Give the listing below again in full, exactly as written.
○ ○ ○ ○
(* Let $T>0$, $N=2$, $1<M<2$. Consider minimizing $\mathbb V(T)=\frac12(\xi_1(T)^2+\xi_2(T)^2)$ over $\alpha\in\mathcal U_M$, where $\dot\xi_i=-\xi_i+(1-\alpha_i)\bar\xi$, $\bar\xi=\frac12(\xi_1+\xi_2)$, with $\bar\xi(0)>0$ and $\xi_1(0)>\xi_2(0)$. Let $\alpha$ be an optimal control whose trajectory satisfies $\xi_1(t)\ge\xi_2(t)$ for all $t$, and let $(\lambda_1,\lambda_2)$ be the corresponding covectors given by the Pontryagin maximum principle: $$\dot\lambda_1=\tfrac{1+\alpha_1}{2}\lambda_1-\tfrac{1-\alpha_2}{2}\lambda_2,\quad \dot\lambda_2=\tfrac{1+\alpha_2}{2}\lambda_2-\tfrac{1-\alpha_1}{2}\lambda_1,\quad \lambda(T)=(\xi_1(T),\xi_2(T)),$$ and for almost every $t$, $\alpha(t)$ minimizes $a\mapsto-\bar\xi(t)(a_1\lambda_1(t)+a_2\lambda_2(t))$ over $a\in[0,1]^2$, $a_1+a_2\le M$. Then: (i) if $\lambda_2(T)>0$, then $\lambda_1(t)>0$ and $\lambda_2(t)>0$ for all $t\in[0,T]$; (ii) if $\lambda_2(T)=0$, then $\lambda_1(t)>0$ and $\lambda_2(t)=0$ for all $t\in[0,T]$; (iii) if $\lambda_2(T)<0$, then $\lambda_2(t)<0$ for all $t\in[0,T]$.
   Context: $\mathcal U_M$ is the set of measurable $\alpha:[0,T]\to[0,1]^2$ with $\alpha_1+\alpha_2\le M$. *)

From HB Require Import structures.
From mathcomp Require Import all_boot all_order all_algebra.
From mathcomp Require Import all_classical all_reals all_analysis.
Set Implicit Arguments. Unset Strict Implicit. Unset Printing Implicit Defensive.
Import Order.TTheory GRing.Theory Num.Theory.
Local Open Scope classical_set_scope.
Local Open Scope ring_scope.

Section Defs.
Variable R : realType.
Local Notation mu := (@lebesgue_measure R).

(* f is absolutely continuous on [0,T] with a.e. derivative g, in integral
   (Caratheodory) form: g is Lebesgue-integrable on [0,T] and
   f t = f 0 + \int_[0,t] g for all t in [0,T]. *)
Definition ode_sol (T : R) (f g : R -> R) : Prop :=
  mu.-integrable `[0, T] (EFin \o g) /\
  forall t, 0 <= t <= T -> f t = f 0 + Rintegral mu `[0, t] g.

Definition admissible (T M : R) (a1 a2 : R -> R) : Prop :=
  measurable_fun `[0, T] a1 /\ measurable_fun `[0, T] a2 /\
  forall t, 0 <= t <= T ->
    [/\ 0 <= a1 t <= 1, 0 <= a2 t <= 1 & a1 t + a2 t <= M].

Definition xibar (x1 x2 : R -> R) (t : R) : R := (x1 t + x2 t) / 2.

Definition trajectory (T : R) (a1 a2 : R -> R) (x10 x20 : R)
    (x1 x2 : R -> R) : Prop :=
  x1 0 = x10 /\ x2 0 = x20 /\
  ode_sol T x1 (fun s => - x1 s + (1 - a1 s) * xibar x1 x2 s) /\
  ode_sol T x2 (fun s => - x2 s + (1 - a2 s) * xibar x1 x2 s).

Definition cost (T : R) (x1 x2 : R -> R) : R :=
  (x1 T ^+ 2 + x2 T ^+ 2) / 2.

Definition optimal (T M x10 x20 : R) (a1 a2 x1 x2 : R -> R) : Prop :=
  admissible T M a1 a2 /\ trajectory T a1 a2 x10 x20 x1 x2 /\
  forall b1 b2 y1 y2 : R -> R,
    admissible T M b1 b2 -> trajectory T b1 b2 x10 x20 y1 y2 ->
    cost T x1 x2 <= cost T y1 y2.

Definition pmp_covector (T M : R) (a1 a2 x1 x2 l1 l2 : R -> R) : Prop :=
  ode_sol T l1 (fun s => (1 + a1 s) / 2 * l1 s - (1 - a2 s) / 2 * l2 s) /\
  ode_sol T l2 (fun s => (1 + a2 s) / 2 * l2 s - (1 - a1 s) / 2 * l1 s) /\
  l1 T = x1 T /\ l2 T = x2 T /\
  {ae mu, forall t, 0 <= t <= T ->
     forall b1 b2 : R, 0 <= b1 <= 1 -> 0 <= b2 <= 1 -> b1 + b2 <= M ->
       - xibar x1 x2 t * (a1 t * l1 t + a2 t * l2 t)
         <= - xibar x1 x2 t * (b1 * l1 t + b2 * l2 t)}.

End Defs.

From HB Require Import structures.
From mathcomp Require Import all_boot all_order all_algebra.
From mathcomp Require Import all_classical all_reals all_analysis.
From mathcomp Require Import ring lra.
Set Implicit Arguments. Unset Strict Implicit. Unset Printing Implicit Defensive.
Import Order.TTheory GRing.Theory Num.Theory numFieldNormedType.Exports.
Local Open Scope ring_scope.

(* Every quantity in the proof solves a linear equation y' = r y with a
   bounded rate |r| <= K, and such a y either vanishes identically or keeps
   a constant sign (a Gronwall-type uniqueness argument).  This applies to
   the mean state, whose rate is -(a1 + a2)/2 and which starts positive; to
   the gap l1 - l2, which solves y' = y and ends at x1(T) - x2(T) >= 0; and,
   once l2 <= l1 and the mean state is positive, to l2 itself: maximality of
   (a1, a2) against the competitors (1, a2) and (1, M - 1) gives
   (1 - a1) l1 <= |l2|, so the right-hand side of the l2 equation is bounded
   by 2 |l2|. *)

Section LinearGrowth.
Variable R : realType.
Local Open Scope classical_set_scope.
Local Notation mu := (@lebesgue_measure R).

Lemma ae_impl (P Q : R -> Prop) : (forall x, P x -> Q x) ->
  {ae mu, forall x, P x} -> {ae mu, forall x, Q x}.
Proof. by move=> PQ; apply: negligibleS => x nQx /PQ. Qed.

Lemma ode_sol_continuous (T : R) f g : 0 <= T -> ode_sol T f g ->
  {within `[0, T], continuous f}.
Proof.
move=> T0 [ig hf].
have cI := parameterized_integral_continuous T0 ig.
have cF : {within `[0, T], continuous
    (fun x => f 0 + parameterized_integral mu 0 x g)}.
  move=> x; apply: cvgD; first exact: cvg_cst.
  exact: (cI x).
apply: (subspace_eq_continuous _ cF) => x.
by rewrite inE /= in_itv /= => /andP[x0 xT]; rewrite /= [RHS]hf ?x0 ?xT.
Qed.

Lemma eq_ode_sol (T : R) f g f' g' : (forall t, f t = f' t) ->
  (forall t, g t = g' t) -> ode_sol T f g -> ode_sol T f' g'.
Proof.
move=> ef eg [i h]; split.
  by apply: (eq_integrable _ _ _ _ i) => // x _ /=; rewrite eg.
move=> t ht; rewrite -!ef h //; congr (_ + _).
by apply: eq_Rintegral => x _; exact: eg.
Qed.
○ ○ ○ ○
• Solution for this exercise:
(* Let $T>0$, $N=2$, $1<M<2$. Consider minimizing $\mathbb V(T)=\frac12(\xi_1(T)^2+\xi_2(T)^2)$ over $\alpha\in\mathcal U_M$, where $\dot\xi_i=-\xi_i+(1-\alpha_i)\bar\xi$, $\bar\xi=\frac12(\xi_1+\xi_2)$, with $\bar\xi(0)>0$ and $\xi_1(0)>\xi_2(0)$. Let $\alpha$ be an optimal control whose trajectory satisfies $\xi_1(t)\ge\xi_2(t)$ for all $t$, and let $(\lambda_1,\lambda_2)$ be the corresponding covectors given by the Pontryagin maximum principle: $$\dot\lambda_1=\tfrac{1+\alpha_1}{2}\lambda_1-\tfrac{1-\alpha_2}{2}\lambda_2,\quad \dot\lambda_2=\tfrac{1+\alpha_2}{2}\lambda_2-\tfrac{1-\alpha_1}{2}\lambda_1,\quad \lambda(T)=(\xi_1(T),\xi_2(T)),$$ and for almost every $t$, $\alpha(t)$ minimizes $a\mapsto-\bar\xi(t)(a_1\lambda_1(t)+a_2\lambda_2(t))$ over $a\in[0,1]^2$, $a_1+a_2\le M$. Then: (i) if $\lambda_2(T)>0$, then $\lambda_1(t)>0$ and $\lambda_2(t)>0$ for all $t\in[0,T]$; (ii) if $\lambda_2(T)=0$, then $\lambda_1(t)>0$ and $\lambda_2(t)=0$ for all $t\in[0,T]$; (iii) if $\lambda_2(T)<0$, then $\lambda_2(t)<0$ for all $t\in[0,T]$.
   Context: $\mathcal U_M$ is the set of measurable $\alpha:[0,T]\to[0,1]^2$ with $\alpha_1+\alpha_2\le M$. *)

From HB Require Import structures.
From mathcomp Require Import all_boot all_order all_algebra.
From mathcomp Require Import all_classical all_reals all_analysis.
Set Implicit Arguments. Unset Strict Implicit. Unset Printing Implicit Defensive.
Import Order.TTheory GRing.Theory Num.Theory.
Local Open Scope classical_set_scope.
Local Open Scope ring_scope.

Section Defs.
Variable R : realType.
Local Notation mu := (@lebesgue_measure R).

(* f is absolutely continuous on [0,T] with a.e. derivative g, in integral
   (Caratheodory) form: g is Lebesgue-integrable on [0,T] and
   f t = f 0 + \int_[0,t] g for all t in [0,T]. *)
Definition ode_sol (T : R) (f g : R -> R) : Prop :=
  mu.-integrable `[0, T] (EFin \o g) /\
  forall t, 0 <= t <= T -> f t = f 0 + Rintegral mu `[0, t] g.

Definition admissible (T M : R) (a1 a2 : R -> R) : Prop :=
  measurable_fun `[0, T] a1 /\ measurable_fun `[0, T] a2 /\
  forall t, 0 <= t <= T ->
    [/\ 0 <= a1 t <= 1, 0 <= a2 t <= 1 & a1 t + a2 t <= M].

Definition xibar (x1 x2 : R -> R) (t : R) : R := (x1 t + x2 t) / 2.

Definition trajectory (T : R) (a1 a2 : R -> R) (x10 x20 : R)
    (x1 x2 : R -> R) : Prop :=
  x1 0 = x10 /\ x2 0 = x20 /\
  ode_sol T x1 (fun s => - x1 s + (1 - a1 s) * xibar x1 x2 s) /\
  ode_sol T x2 (fun s => - x2 s + (1 - a2 s) * xibar x1 x2 s).

Definition cost (T : R) (x1 x2 : R -> R) : R :=
  (x1 T ^+ 2 + x2 T ^+ 2) / 2.

Definition optimal (T M x10 x20 : R) (a1 a2 x1 x2 : R -> R) : Prop :=
  admissible T M a1 a2 /\ trajectory T a1 a2 x10 x20 x1 x2 /\
  forall b1 b2 y1 y2 : R -> R,
    admissible T M b1 b2 -> trajectory T b1 b2 x10 x20 y1 y2 ->
    cost T x1 x2 <= cost T y1 y2.

Definition pmp_covector (T M : R) (a1 a2 x1 x2 l1 l2 : R -> R) : Prop :=
  ode_sol T l1 (fun s => (1 + a1 s) / 2 * l1 s - (1 - a2 s) / 2 * l2 s) /\
  ode_sol T l2 (fun s => (1 + a2 s) / 2 * l2 s - (1 - a1 s) / 2 * l1 s) /\
  l1 T = x1 T /\ l2 T = x2 T /\
  {ae mu, forall t, 0 <= t <= T ->
     forall b1 b2 : R, 0 <= b1 <= 1 -> 0 <= b2 <= 1 -> b1 + b2 <= M ->
       - xibar x1 x2 t * (a1 t * l1 t + a2 t * l2 t)
         <= - xibar x1 x2 t * (b1 * l1 t + b2 * l2 t)}.

End Defs.

From HB Require Import structures.
From mathcomp Require Import all_boot all_order all_algebra.
From mathcomp Require Import all_classical all_reals all_analysis.
From mathcomp Require Import ring lra.
Set Implicit Arguments. Unset Strict Implicit. Unset Printing Implicit Defensive.
Import Order.TTheory GRing.Theory Num.Theory numFieldNormedType.Exports.
Local Open Scope ring_scope.

(* Every quantity in the proof solves a linear equation y' = r y with a
   bounded rate |r| <= K, and such a y either vanishes identically or keeps
   a constant sign (a Gronwall-type uniqueness argument).  This applies to
   the mean state, whose rate is -(a1 + a2)/2 and which starts positive; to
   the gap l1 - l2, which solves y' = y and ends at x1(T) - x2(T) >= 0; and,
   once l2 <= l1 and the mean state is positive, to l2 itself: maximality of
   (a1, a2) against the competitors (1, a2) and (1, M - 1) gives
   (1 - a1) l1 <= |l2|, so the right-hand side of the l2 equation is bounded
   by 2 |l2|. *)

Section LinearGrowth.
Variable R : realType.
Local Open Scope classical_set_scope.
Local Notation mu := (@lebesgue_measure R).

Lemma ae_impl (P Q : R -> Prop) : (forall x, P x -> Q x) ->
  {ae mu, forall x, P x} -> {ae mu, forall x, Q x}.
Proof. by move=> PQ; apply: negligibleS => x nQx /PQ. Qed.

Lemma ode_sol_continuous (T : R) f g : 0 <= T -> ode_sol T f g ->
  {within `[0, T], continuous f}.
Proof.
move=> T0 [ig hf].
have cI := parameterized_integral_continuous T0 ig.
have cF : {within `[0, T], continuous
    (fun x => f 0 + parameterized_integral mu 0 x g)}.
  move=> x; apply: cvgD; first exact: cvg_cst.
  exact: (cI x).
apply: (subspace_eq_continuous _ cF) => x.
by rewrite inE /= in_itv /= => /andP[x0 xT]; rewrite /= [RHS]hf ?x0 ?xT.
Qed.

Lemma eq_ode_sol (T : R) f g f' g' : (forall t, f t = f' t) ->
  (forall t, g t = g' t) -> ode_sol T f g -> ode_sol T f' g'.
Proof.
move=> ef eg [i h]; split.
  by apply: (eq_integrable _ _ _ _ i) => // x _ /=; rewrite eg.
move=> t ht; rewrite -!ef h //; congr (_ + _).
by apply: eq_Rintegral => x _; exact: eg.
Qed.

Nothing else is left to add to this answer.